Posted by Snowy in East Amherst, NY, USA on June 10, 2004 at 1:12 AM (CDT)


The Etymotic review URL above is incorrect: it should be

Posted by John R. Daily in East Amherst, NY, USA on June 10, 2004 at 5:33 PM (CDT)


I’m dieing to see your opinion on third party ipod remotes…

Posted by Ipodinator in East Amherst, NY, USA on June 10, 2004 at 10:46 PM (CDT)


If your looking for some really really really great reviews of headphones for you Ipod I implore you to check out, quite literally the best headphone centered review/dicussion site ever. Go now!

Posted by John Lussier in East Amherst, NY, USA on June 10, 2004 at 10:46 PM (CDT)


We chose not to recommend any third-party iPod remotes. In our opinion, it’s hard to get excited given the combined high prices and functionality limitations of models we have seen, and the ones we currently have are sitting unused.

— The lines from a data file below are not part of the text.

(* Let $\{G(n)\}$ be a sequence of random intersection graphs with $\mathbb E\,Y(n)^2=O(1)$ and $m(n)\to\infty$. Then with probability tending to $1$, for every pair of distinct attributes $w',w''\in W$ there are at most two vertices $v$ with $\{w',w''\}\subseteq S_v$.
   Context: Random intersection graph: given positive integers $n,m$ and a probability measure $P$ on $\{0,\dots,m\}$, $G(n,m,P)$ has vertex set $V=[n]$ and attribute set $W=\{w_1,\dots,w_m\}$; independent random subsets $S_1,\dots,S_n\subseteq W$ with $\mathbb P(S_v=S)=P(|S|)/\binom{m}{|S|}$; distinct $u,v$ adjacent iff $S_u\cap S_v\ne\emptyset$. For a sequence $G(n)=G(n,m(n),P(n))$, $X(n)$ has law $P(n)$ and $Y(n)=(n/m)^{1/2}X(n)$. *)

From Stdlib Require Import Reals List Arith Lia.
Import ListNotations.
Open Scope R_scope.

(* A subset of the attribute set W = {w_0,...,w_{m-1}} is encoded as a
   list of m booleans (entry i = true iff w_i belongs to the subset). *)
Fixpoint all_subsets (m : nat) : list (list bool) :=
  match m with
  | O => [[]]
  | S m' => map (cons true) (all_subsets m') ++ map (cons false) (all_subsets m')
  end.

Fixpoint all_configs (n m : nat) : list (list (list bool)) :=
  match n with
  | O => [[]]
  | S n' => flat_map (fun s => map (cons s) (all_configs n' m)) (all_subsets m)
  end.

Definition card (s : list bool) : nat := length (filter (fun b => b) s).

(* P(S_v = S) = P(|S|) / binom(m, |S|) *)
Definition subset_weight (m : nat) (P : nat -> R) (s : list bool) : R :=
  P (card s) / C m (card s).

Definition config_weight (m : nat) (P : nat -> R) (cfg : list (list bool)) : R :=
  fold_right Rmult 1 (map (subset_weight m P) cfg).

Definition prob (n m : nat) (P : nat -> R) (E : list (list bool) -> bool) : R :=
  fold_right Rplus 0
    (map (fun cfg => if E cfg then config_weight m P cfg else 0) (all_configs n m)).

Definition pair_degree (cfg : list (list bool)) (i j : nat) : nat :=
  length (filter (fun s => andb (nth i s false) (nth j s false)) cfg).

Definition pairs_at_most_two (m : nat) (cfg : list (list bool)) : bool :=
  forallb (fun i => forallb (fun j =>
     implb (Nat.ltb i j) (Nat.leb (pair_degree cfg i j) 2)) (seq 0 m)) (seq 0 m).

Definition is_prob_on (m : nat) (P : nat -> R) : Prop :=
  (forall k, (k <= m)%nat -> 0 <= P k) /\ sum_f_R0 P m = 1.

(* E Y^2 = (n/m) E X^2, with X ~ P. *)
Definition EY2 (n m : nat) (P : nat -> R) : R :=
  (INR n / INR m) * sum_f_R0 (fun k => INR k ^ 2 * P k) m.

(* Write p = P(w_i, w_j ∈ S_v) for two distinct attributes w_i, w_j.  Counting
   the subsets of size k that contain both attributes gives
     p = Σ_k P(k) C(m-2,k-2)/C(m,k) = Σ_k P(k) k(k-1)/(m(m-1)) <= E X² / (m(m-1)),
   so the expected number of vertices containing the pair is
     n p <= (n/m) E X² / (m-1) = E Y² / (m-1) <= K / (m-1).
   Since the S_v are independent, the number D of such vertices satisfies
   P(D >= r) <= (n p)^r (induction on n, conditioning on the first vertex).
   A union bound over the fewer than m² pairs gives
     P(some pair is shared by three vertices) <= m² (K/(m-1))³ <= 4K³/(m-1),
   which tends to 0 because m(n) -> ∞. *)

From Stdlib Require Import Reals List Lia Lra Bool.
Open Scope R_scope.

Notation config := (list (list bool)).

(* Binomial coefficients in nat by Pascal's rule.  Unlike the real-valued
   [C n k] of the standard library, [binom n k] vanishes for k > n, which lets
   the subset counts below be stated uniformly. *)
Fixpoint binom (n k : nat) : nat :=
  match n, k with
  | _, O => 1%nat
  | O, S _ => 0%nat
  | S n', S k' => (binom n' k' + binom n' (S k'))%nat
  end.
(* Let $p$ be a prime, $Y$ a $\mathbb{Q}$-vector space, $f:\mathbb{Q}_p\to Y$, $s\ge1$, $(N_1,\dots,N_s)\in\mathbb{Z}^s$ and $(a_1,\dots,a_s)\in\mathbb{Q}_p^s$. If $\Delta_{h_1h_2\cdots h_s}f(x)=0$ for all $x\in\mathbb{Q}_p$ and all $(h_1,\dots,h_s)\in\left(\mathbb{Q}_p\setminus(a_1+p^{-N_1}\mathbb{Z}_p)\right)\times\cdots\times\left(\mathbb{Q}_p\setminus(a_s+p^{-N_s}\mathbb{Z}_p)\right)$, then $\Delta_{h_1h_2\cdots h_s}f(x)=0$ for all $(x,h_1,\dots,h_s)\in\mathbb{Q}_p^{s+1}$.
   Context: $\mathbb{Q}_p$ is the field of $p$-adic numbers with $p$-adic absolute value $|\cdot|_p$, $\mathbb{Z}_p=\{x:|x|_p\le1\}$, and $a+p^{-N}\mathbb{Z}_p=\{a+p^{-N}z:z\in\mathbb{Z}_p\}$. $\Delta_hf(x)=f(x+h)-f(x)$ and $\Delta_{h_1h_2\cdots h_s}f(x)=\Delta_{h_1}\left(\Delta_{h_2\cdots h_s}f\right)(x)$ for $s\ge2$. *)

(* A concrete model of the field Q_p of p-adic numbers
   (as an additive group together with multiplication/division by p),
   built as the inverse limit  Q_p = lim_n Q_p / p^n Z_p,
   using  Q_p / p^n Z_p  ~=  Z[1/p] / p^n Z  with canonical representatives
   in  Z[1/p] ∩ [0, p^n). *)
From HB Require Import structures.
From mathcomp Require Import all_boot all_order all_algebra.
Set Implicit Arguments. Unset Strict Implicit. Unset Printing Implicit Defensive.
Import Order.TTheory GRing.Theory Num.Theory.
Local Open Scope ring_scope.

Definition pw (p n : nat) : rat := (p%:R) ^+ n.
(* Let $P,R$ be real constants, and let $\Omega_1,\Omega_3\in\mathbb{R}$. Work in the layer $D=\{(x,y,z):x,y\in\mathbb{R},\ -\tfrac12<z<\tfrac12\}$. Suppose $\mathbf v(x,y,z,t)=(v_x,v_y,v_z)$, $\theta(x,y,z,t)$ and $p(x,y,z,t)$ are smooth and satisfy $$\frac{\partial\mathbf v}{\partial t}=\mathbf v\times(\nabla\times\mathbf v)+P\,\mathbf v\times\boldsymbol\Omega+P\Delta\mathbf v+PR\,\theta\,\mathbf e_z-\nabla p,\qquad \frac{\partial\theta}{\partial t}=-(\mathbf v\cdot\nabla)\theta+v_z+\Delta\theta,\qquad \nabla\cdot\mathbf v=0$$ in $D$ with $\boldsymbol\Omega=(\Omega_1,0,\Omega_3)$, and suppose that $\mathbf v$ and $\theta$ depend only on $x$, $z$ (and $t$), not on $y$. Then for every $\Omega_2\in\mathbb{R}$ there is a modified pressure $\hat p$ such that $(\mathbf v,\theta,\hat p)$ satisfies the same three equations with $\boldsymbol\Omega=(\Omega_1,\Omega_2,\Omega_3)$.
   Context: $\mathbf e_z=(0,0,1)$; $x,y$ are horizontal and $z$ vertical Cartesian coordinates. These are the dimensionless Boussinesq convection equations in a layer rotating with angular velocity $\boldsymbol\Omega$, with $P$ the Prandtl number and $R$ the Rayleigh number. No boundary conditions are imposed. *)

From Stdlib Require Import Reals List.
From Coquelicot Require Import Coquelicot.
Open Scope R_scope.

(* A scalar field of (x, y, z, t). *)
Definition field4 := R -> R -> R -> R -> R.

(* Partial derivatives (Coquelicot's total Derive). *)
Definition dx (f : field4) : field4 := fun x y z t => Derive (fun s => f s y z t) x.
Definition dy (f : field4) : field4 := fun x y z t => Derive (fun s => f x s z t) y.
Definition dz (f : field4) : field4 := fun x y z t => Derive (fun s => f x y s t) z.
Definition dt (f : field4) : field4 := fun x y z t => Derive (fun s => f x y z s) t.

Definition pd (i : nat) (f : field4) : field4 :=
  match i with 0 => dx f | 1 => dy f | 2 => dz f | _ => dt f end.

Definition ex_pd (i : nat) (f : field4) (x y z t : R) : Prop :=
  match i with
  | 0 => ex_derive (fun s => f s y z t) x
  | 1 => ex_derive (fun s => f x s z t) y
  | 2 => ex_derive (fun s => f x y s t) z
  | _ => ex_derive (fun s => f x y z s) t
  end.

Definition iter_pd (l : list nat) (f : field4) : field4 := fold_right pd f l.

Definition cont4 (f : field4) (x y z t : R) : Prop :=
  forall eps : R, 0 < eps -> exists delta : R, 0 < delta /\
    forall x' y' z' t' : R,
      Rabs (x' - x) < delta -> Rabs (y' - y) < delta ->
      Rabs (z' - z) < delta -> Rabs (t' - t) < delta ->
      Rabs (f x' y' z' t' - f x y z t) < eps.

Definition in_layer (z : R) : Prop := - (1/2) < z < 1/2.

Definition smooth_layer (f : field4) : Prop :=
  forall (l : list nat) (x y z t : R), in_layer z ->
    cont4 (iter_pd l f) x y z t /\
    (forall i : nat, (i < 4)%nat -> ex_pd i (iter_pd l f) x y z t).

Definition lap (f : field4) : field4 :=
  fun x y z t => dx (dx f) x y z t + dy (dy f) x y z t + dz (dz f) x y z t.

(* The rotating Boussinesq equations in D, with v = (vx,vy,vz),
   Omega = (O1,O2,O3), written componentwise:
     dv/dt = v x (curl v) + P v x Omega + P Lap v + P R theta e_z - grad p
     dtheta/dt = -(v . grad) theta + v_z + Lap theta
     div v = 0. *)
Definition boussinesq (P Ra O1 O2 O3 : R) (vx vy vz th p : field4) : Prop :=
  forall x y z t : R, in_layer z ->
    let wx := dy vz x y z t - dz vy x y z t in
    let wy := dz vx x y z t - dx vz x y z t in
    let wz := dx vy x y z t - dy vx x y z t in
    let ux := vx x y z t in
    let uy := vy x y z t in
    let uz := vz x y z t in
    dt vx x y z t = (uy * wz - uz * wy) + P * (uy * O3 - uz * O2)
                    + P * lap vx x y z t - dx p x y z t /\
    dt vy x y z t = (uz * wx - ux * wz) + P * (uz * O1 - ux * O3)
                    + P * lap vy x y z t - dy p x y z t /\
    dt vz x y z t = (ux * wy - uy * wx) + P * (ux * O2 - uy * O1)
                    + P * lap vz x y z t + P * Ra * th x y z t - dz p x y z t /\
    dt th x y z t = - (ux * dx th x y z t + uy * dy th x y z t + uz * dz th x y z t)
                    + uz + lap th x y z t /\
    dx vx x y z t + dy vy x y z t + dz vz x y z t = 0.

Definition indep_y (f : field4) : Prop :=
  forall x y y' z t : R, in_layer z -> f x y z t = f x y' z t.

From Stdlib Require Import Reals Lra Lia.
From Coquelicot Require Import Coquelicot.
Open Scope R_scope.

(* For y-independent fields the continuity equation reduces to
   [dx vx + dz vz = 0], so (vx, vz) has the stream function
   [Phi x z = int_0^z vx(0, s) ds - int_0^x vz(s, z) ds], with [dx Phi = - vz]
   and, by the divergence condition, [dz Phi = vx].  The extra Coriolis term
   [P v x (0, O2, 0) = P O2 (- vz, 0, vx)] is then the gradient of [P O2 Phi]
   and is absorbed into the pressure. *)

Lemma locally_of_dist (x : R) (Q : R -> Prop) (d : R) :
  0 < d -> (forall y, Rabs (y - x) < d -> Q y) -> locally x Q.
Proof. intros Hd HQ. exists (mkposreal d Hd). intros y Hy. now apply HQ. Qed.

Lemma continuous_of_dist (f : R -> R) (x : R) :
  (forall eps, 0 < eps -> exists d, 0 < d /\
     forall y, Rabs (y - x) < d -> Rabs (f y - f x) < eps) ->
  continuous f x.
Proof.
  intros Hf. apply filterlim_locally. intros eps.
  destruct (Hf eps (cond_pos eps)) as [d [Hd Hy]].
  now apply (locally_of_dist _ _ d Hd).
Qed.

Lemma in_layer_open (z : R) :
  in_layer z -> exists d, 0 < d /\ forall z', Rabs (z' - z) < d -> in_layer z'.
Proof.
  unfold in_layer; intros Hz. exists (Rmin (z + 1/2) (1/2 - z)). split.
  - apply Rmin_glb_lt; lra.
  - intros z' H. apply Rabs_def2 in H.
    pose proof (Rmin_l (z + 1/2) (1/2 - z)). pose proof (Rmin_r (z + 1/2) (1/2 - z)).
    lra.
Qed.

Lemma in_layer_between (a b w : R) :
  in_layer a -> in_layer b -> Rmin a b <= w <= Rmax a b -> in_layer w.
Proof. unfold in_layer, Rmin, Rmax. destruct (Rle_dec a b); lra. Qed.

Lemma in_layer_0 : in_layer 0.
Proof. unfold in_layer; lra. Qed.

Lemma cont4_continuous_x (f : field4) (x y z t : R) :
  cont4 f x y z t -> continuous (fun s => f s y z t) x.
Proof.
  intros Hf. apply continuous_of_dist. intros eps He.
  destruct (Hf eps He) as [d [Hd H]]. exists d. split; [exact Hd|].
  intros s Hs. apply H; rewrite ?Rminus_eq_0, ?Rabs_R0; auto.
Qed.

Lemma cont4_continuous_z (f : field4) (x y z t : R) :
  cont4 f x y z t -> continuous (fun s => f x y s t) z.
Proof.
  intros Hf. apply continuous_of_dist. intros eps He.
  destruct (Hf eps He) as [d [Hd H]]. exists d. split; [exact Hd|].
  intros s Hs. apply H; rewrite ?Rminus_eq_0, ?Rabs_R0; auto.
Qed.

Lemma cont4_continuity_2d_zx (f : field4) (x y z t : R) :
  cont4 f x y z t -> continuity_2d_pt (fun u v => f v y u t) z x.
Proof.
  intros Hf eps. destruct (Hf eps (cond_pos eps)) as [d [Hd H]].
  exists (mkposreal d Hd). intros u v Hu Hv.
  apply H; rewrite ?Rminus_eq_0, ?Rabs_R0; auto.
Qed.

Lemma smooth_layer_cont4 (f : field4) (l : list nat) (x y z t : R) :
  smooth_layer f -> in_layer z -> cont4 (iter_pd l f) x y z t.
Proof. intros Hf Hz. exact (proj1 (Hf l x y z t Hz)). Qed.

Lemma smooth_layer_ex_pd (f : field4) (i : nat) (x y z t : R) :
  smooth_layer f -> in_layer z -> (i < 4)%nat -> ex_pd i f x y z t.
Proof. intros Hf Hz Hi. exact (proj2 (Hf nil x y z t Hz) i Hi). Qed.

Lemma indep_y_dy (f : field4) (x y z t : R) :
  indep_y f -> in_layer z -> dy f x y z t = 0.
Proof.
  intros Hf Hz. unfold dy. rewrite (Derive_ext _ (fun _ => f x y z t)).
  - apply Derive_const.
  - intros s. now apply Hf.
Qed.

Section StreamFunction.

Variables vx vz : field4.
Hypotheses (Hvx : smooth_layer vx) (Hvz : smooth_layer vz)
  (Hdiv : forall x z t, in_layer z -> dx vx x 0 z t + dz vz x 0 z t = 0).

Definition stream (x z t : R) : R :=
  RInt (fun s => vx 0 0 s t) 0 z - RInt (fun s => vz s 0 z t) 0 x.

Lemma is_derive_stream_x (x z t : R) :
  in_layer z -> is_derive (fun s => stream s z t) x (- vz x 0 z t).
Proof.
  intros Hz. unfold stream.
  assert (Hcont : forall w, continuous (fun s => vz s 0 z t) w)
    by (intros w; exact (cont4_continuous_x _ _ _ _ _ (smooth_layer_cont4 vz nil w 0 z t Hvz Hz))).
  replace (- vz x 0 z t) with (0 - vz x 0 z t) by ring.
  apply (is_derive_minus (fun _ => RInt (fun s => vx 0 0 s t) 0 z)
                         (fun s => RInt (fun w => vz w 0 z t) 0 s)).
  - exact (is_derive_const (K := R_AbsRing) (V := R_NormedModule) _ x).
  - apply (is_derive_RInt (fun w => vz w 0 z t) (RInt (fun w => vz w 0 z t) 0) 0); [|apply Hcont].
    apply (locally_of_dist _ _ 1); [lra|]. intros b _.
    apply (RInt_correct (V := R_CompleteNormedModule)).
    apply (ex_RInt_continuous (V := R_CompleteNormedModule)). intros w _. apply Hcont.
Qed.

Lemma RInt_dz_vz (x z t : R) :
  in_layer z -> RInt (fun s => dz vz s 0 z t) 0 x = vx 0 0 z t - vx x 0 z t.
Proof.
  intros Hz.
  assert (Hcont : forall w, continuous (Derive (fun s => vx s 0 z t)) w)
    by (intros w;
        exact (cont4_continuous_x _ _ _ _ _ (smooth_layer_cont4 vx (0%nat :: nil) w 0 z t Hvx Hz))).
  transitivity (RInt (fun s => - Derive (fun u => vx u 0 z t) s) 0 x).
  { apply RInt_ext. intros w _. specialize (Hdiv w z t Hz). unfold dx in Hdiv. lra. }
  rewrite (RInt_opp (V := R_CompleteNormedModule)).
  - rewrite RInt_Derive.
    + exact (Ropp_minus_distr _ _).
    + intros w _. apply (smooth_layer_ex_pd vx 0); [exact Hvx | exact Hz | lia].
    + intros w _. apply Hcont.
  - apply (ex_RInt_continuous (V := R_CompleteNormedModule)). intros w _. apply Hcont.
Qed.

Lemma is_derive_stream_z (x z t : R) :
  in_layer z -> is_derive (fun u => stream x u t) z (vx x 0 z t).
Proof.
  intros Hz. unfold stream.
  destruct (in_layer_open z Hz) as [d [Hd Hnear]].
  replace (vx x 0 z t) with (vx 0 0 z t - RInt (fun s => dz vz s 0 z t) 0 x)
    by (rewrite RInt_dz_vz by exact Hz; ring).
  apply (is_derive_minus (fun u => RInt (fun s => vx 0 0 s t) 0 u)
                         (fun u => RInt (fun s => vz s 0 u t) 0 x)).
  - apply (is_derive_RInt (fun s => vx 0 0 s t) (RInt (fun s => vx 0 0 s t) 0) 0).
    + apply (locally_of_dist _ _ d Hd). intros b Hb.
      apply (RInt_correct (V := R_CompleteNormedModule)).
      apply (ex_RInt_continuous (V := R_CompleteNormedModule)). intros w Hw.
      apply (cont4_continuous_z (iter_pd nil vx)), smooth_layer_cont4; [exact Hvx|].
      exact (in_layer_between 0 b w in_layer_0 (Hnear b Hb) Hw).
    + exact (cont4_continuous_z _ _ _ _ _ (smooth_layer_cont4 vx nil 0 0 z t Hvx Hz)).
  - apply (is_derive_RInt_param (fun u s => vz s 0 u t)).
    + apply (locally_of_dist _ _ d Hd). intros u Hu s _.
      apply (smooth_layer_ex_pd vz 2); [exact Hvz | exact (Hnear u Hu) | lia].
    + intros s _.
      exact (cont4_continuity_2d_zx _ _ _ _ _ (smooth_layer_cont4 vz (2%nat :: nil) s 0 z t Hvz Hz)).
    + apply (locally_of_dist _ _ d Hd). intros u Hu.
      apply (ex_RInt_continuous (V := R_CompleteNormedModule)). intros w _.
      exact (cont4_continuous_x _ _ _ _ _ (smooth_layer_cont4 vz nil w 0 u t Hvz (Hnear u Hu))).
Qed.

Variables (p : field4) (c : R).
Hypotheses (Hp : smooth_layer p) (Ivx : indep_y vx) (Ivz : indep_y vz).

Definition modified_pressure : field4 :=
  fun x y z t => p x y z t + c * stream x z t.

Lemma is_derive_modified_pressure (x y z t : R) : in_layer z ->
  is_derive (fun s => modified_pressure s y z t) x (dx p x y z t - c * vz x y z t) /\
  is_derive (fun s => modified_pressure x s z t) y (dy p x y z t) /\
  is_derive (fun s => modified_pressure x y s t) z (dz p x y z t + c * vx x y z t).
Proof.
  intros Hz. unfold modified_pressure.
  rewrite (Ivx x y 0 z t Hz), (Ivz x y 0 z t Hz).
  replace (dx p x y z t - c * vz x 0 z t) with (dx p x y z t + c * - vz x 0 z t) by ring.
  replace (dy p x y z t) with (dy p x y z t + c * 0) by ring.
  split; [|split]; apply (is_derive_plus (K := R_AbsRing) (V := R_NormedModule));
    try apply is_derive_scal.
  - apply Derive_correct, (smooth_layer_ex_pd p 0); [exact Hp | exact Hz | lia].
  - now apply is_derive_stream_x.
  - apply Derive_correct, (smooth_layer_ex_pd p 1); [exact Hp | exact Hz | lia].
  - exact (is_derive_const (K := R_AbsRing) (V := R_NormedModule) _ y).
  - apply Derive_correct, (smooth_layer_ex_pd p 2); [exact Hp | exact Hz | lia].
  - now apply is_derive_stream_z.
Qed.

End StreamFunction.

Lemma boussinesq_change_pressure (P Ra O1 O2 O2' O3 : R) (vx vy vz th p q : field4) :
  (forall x y z t, in_layer z ->
     dx q x y z t = dx p x y z t - P * (O2' - O2) * vz x y z t /\
     dy q x y z t = dy p x y z t /\
     dz q x y z t = dz p x y z t + P * (O2' - O2) * vx x y z t) ->
  boussinesq P Ra O1 O2 O3 vx vy vz th p -> boussinesq P Ra O1 O2' O3 vx vy vz th q.
Proof.
  intros Hq Hb x y z t Hz. cbv zeta.
  destruct (Hq x y z t Hz) as [Dx [Dy Dz]].
  destruct (Hb x y z t Hz) as [Ex [Ey [Ez [Eth Ediv]]]].
  rewrite Dx, Dy, Dz, Ex, Ey, Ez.
  repeat split; first [ring | assumption].
Qed.

Theorem theorem1 (P Ra O1 O3 : R) (vx vy vz th p : field4) :
  smooth_layer vx -> smooth_layer vy -> smooth_layer vz ->
  smooth_layer th -> smooth_layer p ->
  boussinesq P Ra O1 0 O3 vx vy vz th p ->
  indep_y vx -> indep_y vy -> indep_y vz -> indep_y th ->
  forall O2 : R, exists phat : field4,
    (forall x y z t : R, in_layer z ->
       ex_pd 0 phat x y z t /\ ex_pd 1 phat x y z t /\ ex_pd 2 phat x y z t) /\
    boussinesq P Ra O1 O2 O3 vx vy vz th phat.
Proof.
  intros Hvx _ Hvz _ Hp Hb Ivx Ivy Ivz _ O2.
  assert (Hdiv : forall x z t, in_layer z -> dx vx x 0 z t + dz vz x 0 z t = 0).
  { intros x z t Hz. destruct (Hb x 0 z t Hz) as [_ [_ [_ [_ Ediv]]]].
    rewrite (indep_y_dy vy x 0 z t Ivy Hz) in Ediv. lra. }
  pose proof (is_derive_modified_pressure vx vz Hvx Hvz Hdiv p (P * O2) Hp Ivx Ivz) as Hq.
  exists (modified_pressure vx vz p (P * O2)). split.
  - intros x y z t Hz. destruct (Hq x y z t Hz) as [Dx [Dy Dz]].
    repeat split; eexists; eassumption.
  - apply (boussinesq_change_pressure P Ra O1 0 O2 O3 vx vy vz th p); [|exact Hb].
    intros x y z t Hz. destruct (Hq x y z t Hz) as [Dx [Dy Dz]].
    rewrite Rminus_0_r. repeat split; now apply is_derive_unique.
Qed.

We were very excited about certain Bluetooth-enabled ones we heard were coming, but they’ve never emerged.

Remote controls are one small but noticeable area where the iPod unfortunately lags behind similar devices. Maybe Apple’s ready to announce something that will change that…?

Posted by Jeremy Horwitz in East Amherst, NY, USA on June 11, 2004 at 10:17 AM (CDT)


You should have mentioned Sennheiser PX250 headphones. Half the price of Bose QC, lighter, and sound just as good.

Posted by Dave Lasker in East Amherst, NY, USA on June 11, 2004 at 6:29 PM (CDT)


Headphone talk?! Why no talk of Grado’s headphones? And why isn’t Sennheiser’s reviewed here?

Have any of you used a hi-fi headphone with the ipod only to discover your mp3s are poor quality?

Posted by Torontian20 in East Amherst, NY, USA on June 11, 2004 at 9:29 PM (CDT)


The one thing I’d add to this section is the Altec Lansing InMotion Speaker set.  They are a must-have accessory for frequent travelers.  They function as an alarm clock, battery charger, and docking port.  They are also highly portable.  The only downside - the power adapter is just one more power cable that gets stuffed in the laptop case.  I haven’t tried to run the speakers on battery so I can’t comment on how well that works.

Posted by Chris woolley in East Amherst, NY, USA on June 12, 2004 at 9:36 AM (CDT)


I’m really curious to try the Shure headphones.  I bought the sony’s mentioned in the previous article and hated them. I’ve retired them to my desk drawer and there they will stay.  I’m sticking with a cheap pair of sony street style headphones now, but if anyone can reply to this post and let me know if they had a positive or negative experience with the Shure headphones I’d really appreciate it.  Also if you know a website where I can get them for a good price I’d be much obliged.

Posted by AJ in East Amherst, NY, USA on June 12, 2004 at 10:17 PM (CDT)


Just a note about car accessories.

Rather than spending money/wasting time with tape adapters, radio transmitters, etc., it’s much easier to get a car stereo that has a front “auxiliary in” port.  That way, you can just plug an iPod into it, losing quality only in the native volume adjustment (which can be dealt with for those audiophile freaks out there) and not wasting battery power with broadcasting.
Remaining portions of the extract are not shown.